[Material to process]
Lemma cube_consK k (c : cube k) b : cube_behead (cube_cons c b) = c.
Proof. by apply/ffunP => j; rewrite ffunE cube_cons_lift. Qed.

Lemma cube_beheadK k (c : cube k.+1) : cube_cons (cube_behead c) (c ord0) = c.
Proof.
apply/ffunP => i; rewrite ffunE.
by case: (unliftP ord0 i) => [j ->|->] //; rewrite ffunE.
Qed.

(* Vertices are enumerated with the first coordinate as the most significant
   bit, so that the two halves of the enumeration are the two facets. *)
Fixpoint cube_of_ord k : 'I_(pow2 k) -> cube k :=
  match k return 'I_(pow2 k) -> cube k with
  | 0 => fun _ => [ffun _ => false]
  | k'.+1 => fun i => match split i with
                      | inl a => cube_cons (cube_of_ord a) false
                      | inr b => cube_cons (cube_of_ord b) true
                      end
  end.

Fixpoint ord_of_cube k : cube k -> 'I_(pow2 k) :=
  match k return cube k -> 'I_(pow2 k) with
  | 0 => fun _ => ord0
  | k'.+1 => fun c => if c ord0 then rshift (pow2 k') (ord_of_cube (cube_behead c))
                      else lshift (pow2 k') (ord_of_cube (cube_behead c))
  end.

Lemma cube_of_ord_lshift k (a : 'I_(pow2 k)) :
  @cube_of_ord k.+1 (lshift (pow2 k) a) = cube_cons (cube_of_ord a) false.
Proof. by rewrite /= (unsplitK (inl a)). Qed.

Lemma cube_of_ord_rshift k (a : 'I_(pow2 k)) :
  @cube_of_ord k.+1 (rshift (pow2 k) a) = cube_cons (cube_of_ord a) true.
Proof. by rewrite /= (unsplitK (inr a)). Qed.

[Exercise objective] Working from the entries above, return all lines that contain "with".

[Final answer]
(* Vertices are enumerated with the first coordinate as the most significant
  match k return 'I_(pow2 k) -> cube k with
  | k'.+1 => fun i => match split i with
  match k return cube k -> 'I_(pow2 k) with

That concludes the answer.